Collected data
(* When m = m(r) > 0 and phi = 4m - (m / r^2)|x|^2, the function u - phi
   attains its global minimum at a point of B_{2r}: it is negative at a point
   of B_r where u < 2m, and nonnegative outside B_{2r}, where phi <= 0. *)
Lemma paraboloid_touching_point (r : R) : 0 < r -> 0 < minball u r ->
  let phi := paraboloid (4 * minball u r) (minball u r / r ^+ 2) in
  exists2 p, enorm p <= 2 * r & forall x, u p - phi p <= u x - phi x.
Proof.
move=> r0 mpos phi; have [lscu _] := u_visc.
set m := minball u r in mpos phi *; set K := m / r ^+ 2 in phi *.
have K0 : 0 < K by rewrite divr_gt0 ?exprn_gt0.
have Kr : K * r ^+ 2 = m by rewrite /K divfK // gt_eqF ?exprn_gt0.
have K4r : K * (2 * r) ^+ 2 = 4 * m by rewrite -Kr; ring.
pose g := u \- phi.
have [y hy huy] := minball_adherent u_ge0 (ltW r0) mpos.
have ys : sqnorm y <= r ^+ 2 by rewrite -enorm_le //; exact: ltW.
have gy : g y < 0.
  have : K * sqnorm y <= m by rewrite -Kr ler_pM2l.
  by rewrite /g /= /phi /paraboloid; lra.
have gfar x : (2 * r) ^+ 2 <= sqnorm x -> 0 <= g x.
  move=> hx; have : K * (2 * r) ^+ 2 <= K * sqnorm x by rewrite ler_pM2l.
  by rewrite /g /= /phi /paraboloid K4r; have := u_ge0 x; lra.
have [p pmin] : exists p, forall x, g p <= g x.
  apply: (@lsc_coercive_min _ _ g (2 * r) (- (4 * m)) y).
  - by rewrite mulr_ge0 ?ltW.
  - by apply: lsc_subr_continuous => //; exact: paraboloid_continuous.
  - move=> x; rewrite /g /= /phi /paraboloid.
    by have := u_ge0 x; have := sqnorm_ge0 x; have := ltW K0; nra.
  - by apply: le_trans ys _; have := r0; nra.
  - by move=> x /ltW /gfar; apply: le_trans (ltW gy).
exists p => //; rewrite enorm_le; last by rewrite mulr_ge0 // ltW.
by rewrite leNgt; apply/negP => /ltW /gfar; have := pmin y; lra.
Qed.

* * *

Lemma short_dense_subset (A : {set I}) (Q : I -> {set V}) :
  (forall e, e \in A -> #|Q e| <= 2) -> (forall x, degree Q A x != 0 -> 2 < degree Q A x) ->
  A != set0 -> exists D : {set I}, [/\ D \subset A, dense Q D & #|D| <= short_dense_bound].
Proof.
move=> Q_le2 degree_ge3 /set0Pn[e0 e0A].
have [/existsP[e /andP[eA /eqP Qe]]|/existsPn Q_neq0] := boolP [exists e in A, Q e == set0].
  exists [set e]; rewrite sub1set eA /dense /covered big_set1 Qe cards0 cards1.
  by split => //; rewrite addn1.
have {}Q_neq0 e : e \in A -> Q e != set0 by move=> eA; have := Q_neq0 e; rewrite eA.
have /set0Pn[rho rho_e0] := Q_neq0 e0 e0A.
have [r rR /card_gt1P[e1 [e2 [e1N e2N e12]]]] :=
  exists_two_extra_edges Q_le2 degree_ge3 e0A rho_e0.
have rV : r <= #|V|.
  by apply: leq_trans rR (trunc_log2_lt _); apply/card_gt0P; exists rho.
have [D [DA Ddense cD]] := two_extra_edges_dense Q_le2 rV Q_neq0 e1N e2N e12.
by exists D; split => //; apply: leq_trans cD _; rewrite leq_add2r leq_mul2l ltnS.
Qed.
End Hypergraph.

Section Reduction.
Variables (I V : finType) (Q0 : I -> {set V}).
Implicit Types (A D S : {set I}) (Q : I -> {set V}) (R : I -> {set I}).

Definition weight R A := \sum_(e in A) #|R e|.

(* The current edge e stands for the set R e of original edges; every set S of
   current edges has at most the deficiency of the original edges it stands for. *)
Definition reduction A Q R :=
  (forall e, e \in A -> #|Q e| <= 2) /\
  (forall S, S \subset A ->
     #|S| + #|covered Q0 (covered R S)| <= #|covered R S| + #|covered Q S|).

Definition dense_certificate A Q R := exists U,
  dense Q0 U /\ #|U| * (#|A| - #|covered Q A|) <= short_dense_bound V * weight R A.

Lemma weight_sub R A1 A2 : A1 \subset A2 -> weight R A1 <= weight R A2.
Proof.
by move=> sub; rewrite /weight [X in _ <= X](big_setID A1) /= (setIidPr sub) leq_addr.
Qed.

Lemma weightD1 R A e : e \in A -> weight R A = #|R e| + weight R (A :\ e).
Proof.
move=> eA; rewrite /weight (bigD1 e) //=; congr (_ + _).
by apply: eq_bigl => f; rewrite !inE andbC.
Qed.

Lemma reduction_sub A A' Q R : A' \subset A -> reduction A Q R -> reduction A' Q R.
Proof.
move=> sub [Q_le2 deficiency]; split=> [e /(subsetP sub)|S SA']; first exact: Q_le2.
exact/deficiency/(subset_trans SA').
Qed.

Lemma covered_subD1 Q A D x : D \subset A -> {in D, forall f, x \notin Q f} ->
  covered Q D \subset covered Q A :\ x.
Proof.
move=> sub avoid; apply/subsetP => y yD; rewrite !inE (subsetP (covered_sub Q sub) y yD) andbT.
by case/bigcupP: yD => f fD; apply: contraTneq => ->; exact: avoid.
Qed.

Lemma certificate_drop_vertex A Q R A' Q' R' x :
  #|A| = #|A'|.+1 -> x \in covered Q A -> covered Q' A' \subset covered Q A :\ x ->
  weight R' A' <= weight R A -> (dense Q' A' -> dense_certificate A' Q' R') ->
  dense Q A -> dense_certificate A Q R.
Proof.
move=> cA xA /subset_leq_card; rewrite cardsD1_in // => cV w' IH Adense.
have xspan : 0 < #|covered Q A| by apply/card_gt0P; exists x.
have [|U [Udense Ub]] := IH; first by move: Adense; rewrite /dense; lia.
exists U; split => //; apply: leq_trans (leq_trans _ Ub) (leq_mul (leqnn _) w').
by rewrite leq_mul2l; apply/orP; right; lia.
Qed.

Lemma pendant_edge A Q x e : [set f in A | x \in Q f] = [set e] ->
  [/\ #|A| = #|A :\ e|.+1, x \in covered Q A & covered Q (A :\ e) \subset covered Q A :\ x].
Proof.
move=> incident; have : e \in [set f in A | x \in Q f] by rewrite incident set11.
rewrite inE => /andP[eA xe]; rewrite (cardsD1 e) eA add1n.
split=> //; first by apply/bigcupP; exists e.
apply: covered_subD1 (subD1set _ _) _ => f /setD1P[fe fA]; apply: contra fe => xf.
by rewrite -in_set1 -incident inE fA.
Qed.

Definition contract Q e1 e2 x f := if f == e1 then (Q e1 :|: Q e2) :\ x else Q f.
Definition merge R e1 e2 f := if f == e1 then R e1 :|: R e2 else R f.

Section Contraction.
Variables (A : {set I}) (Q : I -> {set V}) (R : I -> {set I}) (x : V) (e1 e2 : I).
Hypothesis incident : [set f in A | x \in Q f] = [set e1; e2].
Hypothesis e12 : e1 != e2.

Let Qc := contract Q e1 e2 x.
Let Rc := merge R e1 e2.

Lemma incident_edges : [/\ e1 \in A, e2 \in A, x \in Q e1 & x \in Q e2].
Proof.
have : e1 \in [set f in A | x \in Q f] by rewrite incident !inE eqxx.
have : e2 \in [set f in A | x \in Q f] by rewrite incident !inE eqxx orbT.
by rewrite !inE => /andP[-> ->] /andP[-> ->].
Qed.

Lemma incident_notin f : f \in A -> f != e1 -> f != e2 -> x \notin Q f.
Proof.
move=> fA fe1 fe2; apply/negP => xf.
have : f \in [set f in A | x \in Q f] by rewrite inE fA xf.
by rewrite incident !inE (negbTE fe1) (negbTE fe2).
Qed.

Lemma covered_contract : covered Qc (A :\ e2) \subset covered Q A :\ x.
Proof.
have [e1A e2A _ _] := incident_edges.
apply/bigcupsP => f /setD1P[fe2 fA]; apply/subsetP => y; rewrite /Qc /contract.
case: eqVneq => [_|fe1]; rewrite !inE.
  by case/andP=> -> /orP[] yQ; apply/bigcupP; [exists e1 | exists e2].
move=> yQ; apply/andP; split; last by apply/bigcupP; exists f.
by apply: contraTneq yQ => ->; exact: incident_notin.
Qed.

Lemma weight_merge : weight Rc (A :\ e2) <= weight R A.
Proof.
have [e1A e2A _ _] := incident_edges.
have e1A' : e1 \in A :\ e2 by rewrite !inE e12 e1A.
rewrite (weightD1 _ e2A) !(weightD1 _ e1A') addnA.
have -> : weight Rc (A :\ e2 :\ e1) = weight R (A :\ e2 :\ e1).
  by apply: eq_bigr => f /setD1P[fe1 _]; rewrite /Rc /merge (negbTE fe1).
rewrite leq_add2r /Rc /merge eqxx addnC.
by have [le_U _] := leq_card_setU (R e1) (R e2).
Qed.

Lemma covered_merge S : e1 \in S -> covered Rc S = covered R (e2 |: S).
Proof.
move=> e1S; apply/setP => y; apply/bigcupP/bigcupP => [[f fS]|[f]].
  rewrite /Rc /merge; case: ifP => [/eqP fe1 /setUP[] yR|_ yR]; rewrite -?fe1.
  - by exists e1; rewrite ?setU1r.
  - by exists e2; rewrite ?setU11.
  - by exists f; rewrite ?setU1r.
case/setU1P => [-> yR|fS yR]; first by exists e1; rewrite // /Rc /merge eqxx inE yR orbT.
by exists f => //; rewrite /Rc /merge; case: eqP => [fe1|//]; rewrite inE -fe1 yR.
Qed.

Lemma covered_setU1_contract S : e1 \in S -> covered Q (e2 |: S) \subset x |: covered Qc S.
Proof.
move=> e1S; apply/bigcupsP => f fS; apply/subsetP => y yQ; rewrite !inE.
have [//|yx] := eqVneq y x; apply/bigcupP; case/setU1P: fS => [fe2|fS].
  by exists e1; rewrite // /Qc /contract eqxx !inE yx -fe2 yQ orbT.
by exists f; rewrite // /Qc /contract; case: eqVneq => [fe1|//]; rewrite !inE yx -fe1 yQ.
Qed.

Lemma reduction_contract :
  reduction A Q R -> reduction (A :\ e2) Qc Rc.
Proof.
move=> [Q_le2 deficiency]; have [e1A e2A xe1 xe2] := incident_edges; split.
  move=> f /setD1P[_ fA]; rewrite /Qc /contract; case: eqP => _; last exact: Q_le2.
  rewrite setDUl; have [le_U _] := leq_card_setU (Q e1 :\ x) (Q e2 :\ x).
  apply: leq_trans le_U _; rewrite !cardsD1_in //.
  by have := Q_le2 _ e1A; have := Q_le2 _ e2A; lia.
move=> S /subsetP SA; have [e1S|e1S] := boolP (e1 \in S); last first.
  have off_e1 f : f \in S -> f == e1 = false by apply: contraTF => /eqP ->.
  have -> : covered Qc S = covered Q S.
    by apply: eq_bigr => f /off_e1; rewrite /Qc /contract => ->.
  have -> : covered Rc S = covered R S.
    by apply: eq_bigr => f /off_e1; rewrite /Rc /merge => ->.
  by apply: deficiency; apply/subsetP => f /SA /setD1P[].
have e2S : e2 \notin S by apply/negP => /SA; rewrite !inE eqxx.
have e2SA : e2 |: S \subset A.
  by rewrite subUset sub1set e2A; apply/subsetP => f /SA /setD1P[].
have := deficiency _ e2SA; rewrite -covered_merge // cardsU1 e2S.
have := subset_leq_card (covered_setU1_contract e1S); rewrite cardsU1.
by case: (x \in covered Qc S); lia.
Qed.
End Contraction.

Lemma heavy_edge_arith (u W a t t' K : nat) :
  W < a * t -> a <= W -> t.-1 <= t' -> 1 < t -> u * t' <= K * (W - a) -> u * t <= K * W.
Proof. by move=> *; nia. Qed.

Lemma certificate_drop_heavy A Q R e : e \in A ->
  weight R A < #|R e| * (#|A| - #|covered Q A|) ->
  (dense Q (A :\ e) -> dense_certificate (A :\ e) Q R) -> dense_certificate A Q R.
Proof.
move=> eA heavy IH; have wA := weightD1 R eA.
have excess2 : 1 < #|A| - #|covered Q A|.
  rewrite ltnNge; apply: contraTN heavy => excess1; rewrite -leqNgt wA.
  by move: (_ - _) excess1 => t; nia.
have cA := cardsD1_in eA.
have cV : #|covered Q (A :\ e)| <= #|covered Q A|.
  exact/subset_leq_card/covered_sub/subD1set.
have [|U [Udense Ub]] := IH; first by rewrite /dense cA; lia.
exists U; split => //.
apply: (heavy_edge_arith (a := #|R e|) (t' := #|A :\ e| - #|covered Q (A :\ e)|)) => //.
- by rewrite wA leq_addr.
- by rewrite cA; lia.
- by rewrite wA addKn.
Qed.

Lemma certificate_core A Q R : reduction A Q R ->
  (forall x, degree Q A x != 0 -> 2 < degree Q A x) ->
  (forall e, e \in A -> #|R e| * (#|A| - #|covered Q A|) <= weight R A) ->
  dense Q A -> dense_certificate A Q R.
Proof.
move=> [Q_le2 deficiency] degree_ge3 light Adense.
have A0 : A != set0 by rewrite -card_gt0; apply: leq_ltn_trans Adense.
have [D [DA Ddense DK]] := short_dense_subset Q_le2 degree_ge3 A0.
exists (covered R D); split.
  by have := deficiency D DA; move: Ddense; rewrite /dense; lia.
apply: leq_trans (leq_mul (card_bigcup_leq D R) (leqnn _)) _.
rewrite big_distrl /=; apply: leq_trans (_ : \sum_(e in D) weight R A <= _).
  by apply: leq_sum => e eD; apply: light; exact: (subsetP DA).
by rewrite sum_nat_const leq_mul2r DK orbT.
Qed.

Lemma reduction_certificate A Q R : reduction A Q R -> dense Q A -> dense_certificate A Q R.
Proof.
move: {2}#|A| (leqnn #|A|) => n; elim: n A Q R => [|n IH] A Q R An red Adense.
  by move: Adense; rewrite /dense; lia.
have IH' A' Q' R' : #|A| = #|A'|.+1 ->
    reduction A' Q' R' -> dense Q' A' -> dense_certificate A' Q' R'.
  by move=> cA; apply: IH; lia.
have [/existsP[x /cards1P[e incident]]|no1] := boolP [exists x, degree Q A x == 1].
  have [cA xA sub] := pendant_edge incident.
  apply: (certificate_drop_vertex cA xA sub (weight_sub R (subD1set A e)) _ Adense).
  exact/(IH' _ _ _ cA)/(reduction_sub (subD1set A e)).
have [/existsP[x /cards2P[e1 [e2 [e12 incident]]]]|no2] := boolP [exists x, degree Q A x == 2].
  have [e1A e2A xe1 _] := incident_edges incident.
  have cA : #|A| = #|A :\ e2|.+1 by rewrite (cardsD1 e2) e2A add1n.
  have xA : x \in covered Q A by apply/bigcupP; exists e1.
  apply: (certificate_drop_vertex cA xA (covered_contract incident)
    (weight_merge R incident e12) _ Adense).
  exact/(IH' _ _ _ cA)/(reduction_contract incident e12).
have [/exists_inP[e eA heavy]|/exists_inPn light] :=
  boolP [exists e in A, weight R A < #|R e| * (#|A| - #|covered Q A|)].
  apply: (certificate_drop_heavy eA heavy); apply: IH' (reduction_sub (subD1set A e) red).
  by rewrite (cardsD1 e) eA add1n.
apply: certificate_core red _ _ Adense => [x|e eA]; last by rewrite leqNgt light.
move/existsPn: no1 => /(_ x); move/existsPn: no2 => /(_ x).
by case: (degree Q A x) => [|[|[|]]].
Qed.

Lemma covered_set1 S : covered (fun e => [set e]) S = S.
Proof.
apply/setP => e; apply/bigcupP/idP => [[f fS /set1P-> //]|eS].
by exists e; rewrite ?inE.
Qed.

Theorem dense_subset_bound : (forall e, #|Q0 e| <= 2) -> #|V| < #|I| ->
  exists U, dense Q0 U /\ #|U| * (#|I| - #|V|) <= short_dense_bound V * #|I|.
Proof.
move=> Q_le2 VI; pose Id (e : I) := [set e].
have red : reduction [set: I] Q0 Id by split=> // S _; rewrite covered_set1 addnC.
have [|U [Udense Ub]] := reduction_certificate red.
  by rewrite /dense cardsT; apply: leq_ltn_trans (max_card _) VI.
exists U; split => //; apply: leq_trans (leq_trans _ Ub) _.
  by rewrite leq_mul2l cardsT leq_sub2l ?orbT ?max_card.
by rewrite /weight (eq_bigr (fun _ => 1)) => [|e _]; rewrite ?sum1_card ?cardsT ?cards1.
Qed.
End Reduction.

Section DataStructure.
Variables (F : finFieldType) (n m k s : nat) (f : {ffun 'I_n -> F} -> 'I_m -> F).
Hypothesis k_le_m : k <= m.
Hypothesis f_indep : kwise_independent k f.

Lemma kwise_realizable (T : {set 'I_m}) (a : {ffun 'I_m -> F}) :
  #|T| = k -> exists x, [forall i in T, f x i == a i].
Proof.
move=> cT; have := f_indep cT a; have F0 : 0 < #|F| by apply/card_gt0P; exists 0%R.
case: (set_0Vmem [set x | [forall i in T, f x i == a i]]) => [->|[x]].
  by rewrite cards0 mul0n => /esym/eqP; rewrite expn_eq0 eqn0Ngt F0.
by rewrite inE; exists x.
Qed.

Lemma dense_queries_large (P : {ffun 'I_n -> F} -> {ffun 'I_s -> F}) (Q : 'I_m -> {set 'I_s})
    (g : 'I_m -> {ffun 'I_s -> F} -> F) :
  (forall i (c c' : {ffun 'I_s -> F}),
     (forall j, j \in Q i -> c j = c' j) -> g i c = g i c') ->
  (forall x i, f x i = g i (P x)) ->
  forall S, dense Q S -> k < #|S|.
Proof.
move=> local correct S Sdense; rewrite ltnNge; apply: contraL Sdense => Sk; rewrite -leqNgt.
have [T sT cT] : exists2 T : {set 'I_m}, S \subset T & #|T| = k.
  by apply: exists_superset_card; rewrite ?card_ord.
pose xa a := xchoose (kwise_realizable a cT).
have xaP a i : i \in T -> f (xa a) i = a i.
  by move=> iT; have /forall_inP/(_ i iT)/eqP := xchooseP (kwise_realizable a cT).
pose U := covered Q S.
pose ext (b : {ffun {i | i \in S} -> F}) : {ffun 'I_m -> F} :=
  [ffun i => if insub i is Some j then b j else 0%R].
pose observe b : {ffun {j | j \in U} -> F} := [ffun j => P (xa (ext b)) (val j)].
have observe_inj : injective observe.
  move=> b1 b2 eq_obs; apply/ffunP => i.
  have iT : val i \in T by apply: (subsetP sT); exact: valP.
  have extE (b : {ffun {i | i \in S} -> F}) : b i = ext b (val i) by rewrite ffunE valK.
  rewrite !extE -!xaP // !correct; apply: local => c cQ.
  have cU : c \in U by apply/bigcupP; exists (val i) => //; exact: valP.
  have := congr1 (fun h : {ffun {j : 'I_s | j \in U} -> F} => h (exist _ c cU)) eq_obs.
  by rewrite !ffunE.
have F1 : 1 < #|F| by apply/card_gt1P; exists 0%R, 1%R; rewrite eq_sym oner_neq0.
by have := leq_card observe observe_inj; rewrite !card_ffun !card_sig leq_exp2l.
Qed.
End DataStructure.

...

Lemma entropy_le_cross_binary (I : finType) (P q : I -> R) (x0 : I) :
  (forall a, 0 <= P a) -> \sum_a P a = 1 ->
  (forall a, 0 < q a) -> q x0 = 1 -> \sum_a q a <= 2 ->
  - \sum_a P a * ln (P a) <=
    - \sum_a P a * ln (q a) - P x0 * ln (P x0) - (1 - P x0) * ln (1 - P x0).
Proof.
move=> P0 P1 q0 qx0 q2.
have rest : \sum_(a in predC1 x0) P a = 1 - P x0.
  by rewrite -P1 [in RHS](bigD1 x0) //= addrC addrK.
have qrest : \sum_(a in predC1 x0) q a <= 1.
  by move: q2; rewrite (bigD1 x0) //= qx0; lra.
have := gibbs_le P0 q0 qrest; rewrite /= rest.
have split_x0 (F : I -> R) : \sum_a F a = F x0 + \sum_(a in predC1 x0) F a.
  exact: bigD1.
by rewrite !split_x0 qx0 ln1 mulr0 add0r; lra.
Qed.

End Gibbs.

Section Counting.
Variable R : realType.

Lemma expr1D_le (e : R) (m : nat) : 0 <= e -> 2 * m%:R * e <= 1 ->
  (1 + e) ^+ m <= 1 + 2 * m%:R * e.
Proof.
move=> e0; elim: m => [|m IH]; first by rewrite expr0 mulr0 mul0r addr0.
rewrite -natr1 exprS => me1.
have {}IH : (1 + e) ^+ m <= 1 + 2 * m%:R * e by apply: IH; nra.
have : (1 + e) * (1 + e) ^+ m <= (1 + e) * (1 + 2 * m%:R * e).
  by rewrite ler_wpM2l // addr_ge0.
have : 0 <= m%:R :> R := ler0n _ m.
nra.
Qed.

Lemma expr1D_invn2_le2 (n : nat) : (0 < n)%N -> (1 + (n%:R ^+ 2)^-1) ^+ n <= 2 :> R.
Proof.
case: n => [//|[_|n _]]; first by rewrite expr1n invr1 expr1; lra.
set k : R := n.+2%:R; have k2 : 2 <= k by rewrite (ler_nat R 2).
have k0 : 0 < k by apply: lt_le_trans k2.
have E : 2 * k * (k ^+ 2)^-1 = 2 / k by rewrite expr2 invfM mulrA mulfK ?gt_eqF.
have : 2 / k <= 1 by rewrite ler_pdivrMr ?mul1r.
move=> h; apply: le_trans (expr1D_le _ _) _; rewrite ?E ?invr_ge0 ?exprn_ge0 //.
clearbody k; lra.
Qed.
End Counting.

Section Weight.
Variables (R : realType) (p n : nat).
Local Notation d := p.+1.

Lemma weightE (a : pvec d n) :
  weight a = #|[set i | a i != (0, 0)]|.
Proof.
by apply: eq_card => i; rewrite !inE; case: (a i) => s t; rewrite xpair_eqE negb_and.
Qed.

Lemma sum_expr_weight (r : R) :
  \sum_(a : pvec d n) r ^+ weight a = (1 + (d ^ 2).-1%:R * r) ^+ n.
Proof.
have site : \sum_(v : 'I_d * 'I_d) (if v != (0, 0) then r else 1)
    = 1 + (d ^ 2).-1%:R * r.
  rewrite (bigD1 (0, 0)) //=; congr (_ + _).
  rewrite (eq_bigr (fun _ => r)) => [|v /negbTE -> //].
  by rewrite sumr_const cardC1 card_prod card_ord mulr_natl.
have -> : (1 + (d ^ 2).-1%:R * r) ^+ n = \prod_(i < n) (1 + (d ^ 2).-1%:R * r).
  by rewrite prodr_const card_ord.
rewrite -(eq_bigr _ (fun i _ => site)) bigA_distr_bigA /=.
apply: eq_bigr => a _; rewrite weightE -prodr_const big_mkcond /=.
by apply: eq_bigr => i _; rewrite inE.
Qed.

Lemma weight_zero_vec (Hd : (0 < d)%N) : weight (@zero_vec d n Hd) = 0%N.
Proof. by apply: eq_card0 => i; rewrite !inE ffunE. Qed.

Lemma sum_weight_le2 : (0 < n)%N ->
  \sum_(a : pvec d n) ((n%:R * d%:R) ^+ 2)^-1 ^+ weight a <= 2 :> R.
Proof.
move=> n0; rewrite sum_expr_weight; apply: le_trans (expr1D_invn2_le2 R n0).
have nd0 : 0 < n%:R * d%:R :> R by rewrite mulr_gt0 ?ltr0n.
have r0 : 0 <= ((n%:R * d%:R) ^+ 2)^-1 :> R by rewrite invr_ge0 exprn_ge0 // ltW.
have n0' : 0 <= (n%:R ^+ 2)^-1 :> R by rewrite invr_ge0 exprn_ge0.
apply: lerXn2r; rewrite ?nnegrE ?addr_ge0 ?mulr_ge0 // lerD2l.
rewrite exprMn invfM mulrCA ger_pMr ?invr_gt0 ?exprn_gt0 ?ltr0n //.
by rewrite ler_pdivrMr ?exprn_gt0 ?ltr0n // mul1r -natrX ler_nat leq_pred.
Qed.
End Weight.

INSTRUCTIONS TO FOLLOW.
Taking the line with "by rewrite subUset" as the first and the line with "apply: leq_trans (leq_mul" as the last, retype that stretch of the data above exactly, with no other lines.

RESULT FOR THIS EXERCISE.
  by rewrite subUset sub1set e2A; apply/subsetP => f /SA /setD1P[].
have := deficiency _ e2SA; rewrite -covered_merge // cardsU1 e2S.
have := subset_leq_card (covered_setU1_contract e1S); rewrite cardsU1.
by case: (x \in covered Qc S); lia.
Qed.
End Contraction.

Lemma heavy_edge_arith (u W a t t' K : nat) :
  W < a * t -> a <= W -> t.-1 <= t' -> 1 < t -> u * t' <= K * (W - a) -> u * t <= K * W.
Proof. by move=> *; nia. Qed.

Lemma certificate_drop_heavy A Q R e : e \in A ->
  weight R A < #|R e| * (#|A| - #|covered Q A|) ->
  (dense Q (A :\ e) -> dense_certificate (A :\ e) Q R) -> dense_certificate A Q R.
Proof.
move=> eA heavy IH; have wA := weightD1 R eA.
have excess2 : 1 < #|A| - #|covered Q A|.
  rewrite ltnNge; apply: contraTN heavy => excess1; rewrite -leqNgt wA.
  by move: (_ - _) excess1 => t; nia.
have cA := cardsD1_in eA.
have cV : #|covered Q (A :\ e)| <= #|covered Q A|.
  exact/subset_leq_card/covered_sub/subD1set.
have [|U [Udense Ub]] := IH; first by rewrite /dense cA; lia.
exists U; split => //.
apply: (heavy_edge_arith (a := #|R e|) (t' := #|A :\ e| - #|covered Q (A :\ e)|)) => //.
- by rewrite wA leq_addr.
- by rewrite cA; lia.
- by rewrite wA addKn.
Qed.

Lemma certificate_core A Q R : reduction A Q R ->
  (forall x, degree Q A x != 0 -> 2 < degree Q A x) ->
  (forall e, e \in A -> #|R e| * (#|A| - #|covered Q A|) <= weight R A) ->
  dense Q A -> dense_certificate A Q R.
Proof.
move=> [Q_le2 deficiency] degree_ge3 light Adense.
have A0 : A != set0 by rewrite -card_gt0; apply: leq_ltn_trans Adense.
have [D [DA Ddense DK]] := short_dense_subset Q_le2 degree_ge3 A0.
exists (covered R D); split.
  by have := deficiency D DA; move: Ddense; rewrite /dense; lia.
apply: leq_trans (leq_mul (card_bigcup_leq D R) (leqnn _)) _.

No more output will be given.